### WHAT YOU WILL DO
In your answer, copy every entry that follows exactly.

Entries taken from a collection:
(* Let $\Theta = \{l_1:\mathtt{qbit}, l_2:\mathtt{qbit}\}$ and $\theta = (l_1,l_2)$. Let $\mathscr{C}$ be a quantum circuit with holes such that $l:\mathtt{bit}, \Theta \rhd \mathscr{C} \rhd \Theta$ is derivable, and let $\mathscr{D}$ be the circuit with holes $\mathtt{if}\ l\ \mathtt{then}\ ([-];\{-\})\ \mathtt{else}\ (\{-\};[-])$. If $\mathscr{C} \approx \mathscr{D}$, then either the hole $[-]$ or the hole $\{-\}$ appears more than once in $\mathscr{C}$.
   Context: Circuits: fix an infinite set of labels; base types $\mathtt{bit},\mathtt{qbit}$; the operation set $\mathbb{Q}$ consists of $\mathtt{zero},\mathtt{one}:()\to(\mathtt{bit})$, $\mathtt{discard}:(\mathtt{bit})\to()$, $\mathtt{new}:(\mathtt{bit})\to(\mathtt{qbit})$, $\mathtt{meas}:(\mathtt{qbit})\to(\mathtt{bit})$, $H,S,T:(\mathtt{qbit})\to(\mathtt{qbit})$, $\mathrm{CNOT}:(\mathtt{qbit},\mathtt{qbit})\to(\mathtt{qbit},\mathtt{qbit})$. Circuits with holes are given by $\mathscr{C},\mathscr{D},\mathscr{E} ::= [-] \mid \{-\} \mid c^{\overline{l}}_{\overline{r}} \mid \mathscr{C};\mathscr{D} \mid \mathtt{if}\ l\ \mathtt{then}\ \mathscr{D}\ \mathtt{else}\ \mathscr{E}$ with $c\in\mathbb{Q}$ (gate $c$ applied to input wires $\overline{l}$ producing output wires $\overline{r}$). Environments are finite sets of (label : base type), each label at most once. Typing $\Gamma \rhd \mathscr{C} \rhd \Delta$ is derived by: $\Theta \rhd [-] \rhd \Theta$ and $\Theta \rhd \{-\} \rhd \Theta$ (with $\Theta$ as in the claim); for $c$ with input types $(B_1..B_n)$, output types $(B'_1..B'_m)$: $\Xi, l_1:B_1,\dots,l_n:B_n \rhd c^{(l_1..l_n)}_{(r_1..r_m)} \rhd \Xi, r_1:B'_1,\dots,r_m:B'_m$ for any environment $\Xi$; from $\Gamma\rhd\mathscr{C}\rhd\Psi$ and $\Psi\rhd\mathscr{D}\rhd\Delta$ infer $\Gamma\rhd\mathscr{C};\mathscr{D}\rhd\Delta$; from $\Gamma\rhd\mathscr{D}\rhd\Delta$ and $\Gamma\rhd\mathscr{E}\rhd\Delta$ infer $\Gamma,l:\mathtt{bit}\rhd \mathtt{if}\ l\ \mathtt{then}\ \mathscr{D}\ \mathtt{else}\ \mathscr{E}\rhd\Delta$. For circuits $C, D$ (possibly using additional gates), $\mathscr{C}(C,D)$ denotes the result of replacing $[-]$ by $C$ and $\{-\}$ by $D$. For any $4\times 4$ unitary matrix $U$, $U^\theta_\theta$ denotes the circuit applying $U$ as a gate to the wires $(l_1,l_2)$, with $\Theta \rhd U^\theta_\theta \rhd \Theta$. Semantics (category CPM): objects are tuples $(n_1,\dots,n_k)$ of positive integers with $V_{(n_1..n_k)}=\prod_i \mathbb{C}^{n_i\times n_i}$, morphisms are completely positive linear maps, tensor $(n_i)\otimes(m_j)=(n_im_j)_{i,j}$, unit $(1)$. $[\![\mathtt{bit}]\!]=(1,1)$, $[\![\mathtt{qbit}]\!]=(2)$, environments are interpreted as tensor products ordered by a fixed linear order on labels. A unitary gate $U$ is interpreted as $A\mapsto UAU^\dagger$; $[\![\mathtt{one}]\!](x)=(x,0)$, $[\![\mathtt{zero}]\!](x)=(0,x)$, $[\![\mathtt{new}]\!](x,0)=x|1\rangle\langle1|$, $[\![\mathtt{new}]\!](0,x)=x|0\rangle\langle0|$, $[\![\mathtt{meas}]\!]\begin{pmatrix}a&b\\c&d\end{pmatrix}=(a,d)$, $[\![\mathtt{discard}]\!](a,b)=a+b$. $[\![c^{\overline l}_{\overline r}]\!]$ is $\mathrm{id}_{[\![\Xi]\!]}\otimes[\![c]\!]$ up to symmetries, $[\![C;D]\!]=[\![D]\!]\circ[\![C]\!]$, and identifying $[\![\Gamma,l:\mathtt{bit}]\!]\cong[\![\Gamma]\!]\times[\![\Gamma]\!]$, $[\![\mathtt{if}\ l\ \mathtt{then}\ C\ \mathtt{else}\ D]\!](\vec A,\vec B)=[\![C]\!](\vec A)+[\![D]\!](\vec B)$. For circuits with holes $\Gamma\rhd\mathscr{C}\rhd\Delta$ and $\Gamma\rhd\mathscr{D}\rhd\Delta$, write $\mathscr{C}\approx\mathscr{D}$ if for all $4\times4$ unitary matrices $U,V$, $[\![\mathscr{C}(U^\theta_\theta,V^\theta_\theta)]\!] = [\![\mathscr{D}(U^\theta_\theta,V^\theta_\theta)]\!]$. *)

From mathcomp Require Import all_boot all_algebra.
From mathcomp Require Import complex.
From mathcomp Require Import Rstruct.
Set Implicit Arguments. Unset Strict Implicit. Unset Printing Implicit Defensive.
Import GRing.Theory Num.Theory.
Local Open Scope ring_scope.

Definition C : numClosedFieldType := Rdefinitions.R[i].

(** Labels are natural numbers (an infinite set, linearly ordered). *)
Inductive btype := Bit | Qbit.

Inductive gate := Zero | One | Discard | New | Meas | Hg | Sg | Tg | CNOT.

Definition gin (g : gate) : seq btype :=
  match g with
  | Zero | One => [::]
  | Discard | New => [:: Bit]
  | Meas | Hg | Sg | Tg => [:: Qbit]
  | CNOT => [:: Qbit; Qbit]
  end.

Definition gout (g : gate) : seq btype :=
  match g with
  | Zero | One | Meas => [:: Bit]
  | Discard => [::]
  | New | Hg | Sg | Tg => [:: Qbit]
  | CNOT => [:: Qbit; Qbit]
  end.

(** Circuits with holes.  [UGate U x y] is the additional gate applying the
    4x4 matrix U to the wires (x, y) (used to fill the holes). *)
Inductive circ :=
  | Hole1
  | Hole2
  | Gate of gate & seq nat & seq nat
  | Seq of circ & circ
  | If of nat & circ & circ
  | UGate of 'M[C]_4 & nat & nat.

Fixpoint fill (K A B : circ) : circ :=
  match K with
  | Hole1 => A
  | Hole2 => B
  | Seq K1 K2 => Seq (fill K1 A B) (fill K2 A B)
  | If l K1 K2 => If l (fill K1 A B) (fill K2 A B)
  | _ => K
  end.

Fixpoint count1 (K : circ) : nat :=
  match K with
  | Hole1 => 1
  | Seq K1 K2 | If _ K1 K2 => count1 K1 + count1 K2
  | _ => 0
  end%N.

Fixpoint count2 (K : circ) : nat :=
  match K with
  | Hole2 => 1
  | Seq K1 K2 | If _ K1 K2 => count2 K1 + count2 K2
  | _ => 0
  end%N.

(** Environments: partial maps from labels to base types (finite ones are
    required where the typing rules introduce a fresh environment). *)
Definition env := nat -> option btype.

Definition env_finite (X : env) : Prop := exists n, forall x, (n <= x)%N -> X x = None.

Definition extend (X : env) (ls : seq nat) (ts : seq btype) : env :=
  fun x => if x \in ls then Some (nth Bit ts (index x ls)) else X x.

Definition empty_env : env := fun _ => None.

Definition Theta (l1 l2 : nat) : env := extend empty_env [:: l1; l2] [:: Qbit; Qbit].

### SOLUTION FOR THIS EXERCISE
(* Let $\Theta = \{l_1:\mathtt{qbit}, l_2:\mathtt{qbit}\}$ and $\theta = (l_1,l_2)$. Let $\mathscr{C}$ be a quantum circuit with holes such that $l:\mathtt{bit}, \Theta \rhd \mathscr{C} \rhd \Theta$ is derivable, and let $\mathscr{D}$ be the circuit with holes $\mathtt{if}\ l\ \mathtt{then}\ ([-];\{-\})\ \mathtt{else}\ (\{-\};[-])$. If $\mathscr{C} \approx \mathscr{D}$, then either the hole $[-]$ or the hole $\{-\}$ appears more than once in $\mathscr{C}$.
   Context: Circuits: fix an infinite set of labels; base types $\mathtt{bit},\mathtt{qbit}$; the operation set $\mathbb{Q}$ consists of $\mathtt{zero},\mathtt{one}:()\to(\mathtt{bit})$, $\mathtt{discard}:(\mathtt{bit})\to()$, $\mathtt{new}:(\mathtt{bit})\to(\mathtt{qbit})$, $\mathtt{meas}:(\mathtt{qbit})\to(\mathtt{bit})$, $H,S,T:(\mathtt{qbit})\to(\mathtt{qbit})$, $\mathrm{CNOT}:(\mathtt{qbit},\mathtt{qbit})\to(\mathtt{qbit},\mathtt{qbit})$. Circuits with holes are given by $\mathscr{C},\mathscr{D},\mathscr{E} ::= [-] \mid \{-\} \mid c^{\overline{l}}_{\overline{r}} \mid \mathscr{C};\mathscr{D} \mid \mathtt{if}\ l\ \mathtt{then}\ \mathscr{D}\ \mathtt{else}\ \mathscr{E}$ with $c\in\mathbb{Q}$ (gate $c$ applied to input wires $\overline{l}$ producing output wires $\overline{r}$). Environments are finite sets of (label : base type), each label at most once. Typing $\Gamma \rhd \mathscr{C} \rhd \Delta$ is derived by: $\Theta \rhd [-] \rhd \Theta$ and $\Theta \rhd \{-\} \rhd \Theta$ (with $\Theta$ as in the claim); for $c$ with input types $(B_1..B_n)$, output types $(B'_1..B'_m)$: $\Xi, l_1:B_1,\dots,l_n:B_n \rhd c^{(l_1..l_n)}_{(r_1..r_m)} \rhd \Xi, r_1:B'_1,\dots,r_m:B'_m$ for any environment $\Xi$; from $\Gamma\rhd\mathscr{C}\rhd\Psi$ and $\Psi\rhd\mathscr{D}\rhd\Delta$ infer $\Gamma\rhd\mathscr{C};\mathscr{D}\rhd\Delta$; from $\Gamma\rhd\mathscr{D}\rhd\Delta$ and $\Gamma\rhd\mathscr{E}\rhd\Delta$ infer $\Gamma,l:\mathtt{bit}\rhd \mathtt{if}\ l\ \mathtt{then}\ \mathscr{D}\ \mathtt{else}\ \mathscr{E}\rhd\Delta$. For circuits $C, D$ (possibly using additional gates), $\mathscr{C}(C,D)$ denotes the result of replacing $[-]$ by $C$ and $\{-\}$ by $D$. For any $4\times 4$ unitary matrix $U$, $U^\theta_\theta$ denotes the circuit applying $U$ as a gate to the wires $(l_1,l_2)$, with $\Theta \rhd U^\theta_\theta \rhd \Theta$. Semantics (category CPM): objects are tuples $(n_1,\dots,n_k)$ of positive integers with $V_{(n_1..n_k)}=\prod_i \mathbb{C}^{n_i\times n_i}$, morphisms are completely positive linear maps, tensor $(n_i)\otimes(m_j)=(n_im_j)_{i,j}$, unit $(1)$. $[\![\mathtt{bit}]\!]=(1,1)$, $[\![\mathtt{qbit}]\!]=(2)$, environments are interpreted as tensor products ordered by a fixed linear order on labels. A unitary gate $U$ is interpreted as $A\mapsto UAU^\dagger$; $[\![\mathtt{one}]\!](x)=(x,0)$, $[\![\mathtt{zero}]\!](x)=(0,x)$, $[\![\mathtt{new}]\!](x,0)=x|1\rangle\langle1|$, $[\![\mathtt{new}]\!](0,x)=x|0\rangle\langle0|$, $[\![\mathtt{meas}]\!]\begin{pmatrix}a&b\\c&d\end{pmatrix}=(a,d)$, $[\![\mathtt{discard}]\!](a,b)=a+b$. $[\![c^{\overline l}_{\overline r}]\!]$ is $\mathrm{id}_{[\![\Xi]\!]}\otimes[\![c]\!]$ up to symmetries, $[\![C;D]\!]=[\![D]\!]\circ[\![C]\!]$, and identifying $[\![\Gamma,l:\mathtt{bit}]\!]\cong[\![\Gamma]\!]\times[\![\Gamma]\!]$, $[\![\mathtt{if}\ l\ \mathtt{then}\ C\ \mathtt{else}\ D]\!](\vec A,\vec B)=[\![C]\!](\vec A)+[\![D]\!](\vec B)$. For circuits with holes $\Gamma\rhd\mathscr{C}\rhd\Delta$ and $\Gamma\rhd\mathscr{D}\rhd\Delta$, write $\mathscr{C}\approx\mathscr{D}$ if for all $4\times4$ unitary matrices $U,V$, $[\![\mathscr{C}(U^\theta_\theta,V^\theta_\theta)]\!] = [\![\mathscr{D}(U^\theta_\theta,V^\theta_\theta)]\!]$. *)

From mathcomp Require Import all_boot all_algebra.
From mathcomp Require Import complex.
From mathcomp Require Import Rstruct.
Set Implicit Arguments. Unset Strict Implicit. Unset Printing Implicit Defensive.
Import GRing.Theory Num.Theory.
Local Open Scope ring_scope.

Definition C : numClosedFieldType := Rdefinitions.R[i].

(** Labels are natural numbers (an infinite set, linearly ordered). *)
Inductive btype := Bit | Qbit.

Inductive gate := Zero | One | Discard | New | Meas | Hg | Sg | Tg | CNOT.

Definition gin (g : gate) : seq btype :=
  match g with
  | Zero | One => [::]
  | Discard | New => [:: Bit]
  | Meas | Hg | Sg | Tg => [:: Qbit]
  | CNOT => [:: Qbit; Qbit]
  end.

Definition gout (g : gate) : seq btype :=
  match g with
  | Zero | One | Meas => [:: Bit]
  | Discard => [::]
  | New | Hg | Sg | Tg => [:: Qbit]
  | CNOT => [:: Qbit; Qbit]
  end.

(** Circuits with holes.  [UGate U x y] is the additional gate applying the
    4x4 matrix U to the wires (x, y) (used to fill the holes). *)
Inductive circ :=
  | Hole1
  | Hole2
  | Gate of gate & seq nat & seq nat
  | Seq of circ & circ
  | If of nat & circ & circ
  | UGate of 'M[C]_4 & nat & nat.

Fixpoint fill (K A B : circ) : circ :=
  match K with
  | Hole1 => A
  | Hole2 => B
  | Seq K1 K2 => Seq (fill K1 A B) (fill K2 A B)
  | If l K1 K2 => If l (fill K1 A B) (fill K2 A B)
  | _ => K
  end.

Fixpoint count1 (K : circ) : nat :=
  match K with
  | Hole1 => 1
  | Seq K1 K2 | If _ K1 K2 => count1 K1 + count1 K2
  | _ => 0
  end%N.

Fixpoint count2 (K : circ) : nat :=
  match K with
  | Hole2 => 1
  | Seq K1 K2 | If _ K1 K2 => count2 K1 + count2 K2
  | _ => 0
  end%N.

(** Environments: partial maps from labels to base types (finite ones are
    required where the typing rules introduce a fresh environment). *)
Definition env := nat -> option btype.

Definition env_finite (X : env) : Prop := exists n, forall x, (n <= x)%N -> X x = None.

Definition extend (X : env) (ls : seq nat) (ts : seq btype) : env :=
  fun x => if x \in ls then Some (nth Bit ts (index x ls)) else X x.

Definition empty_env : env := fun _ => None.

Definition Theta (l1 l2 : nat) : env := extend empty_env [:: l1; l2] [:: Qbit; Qbit].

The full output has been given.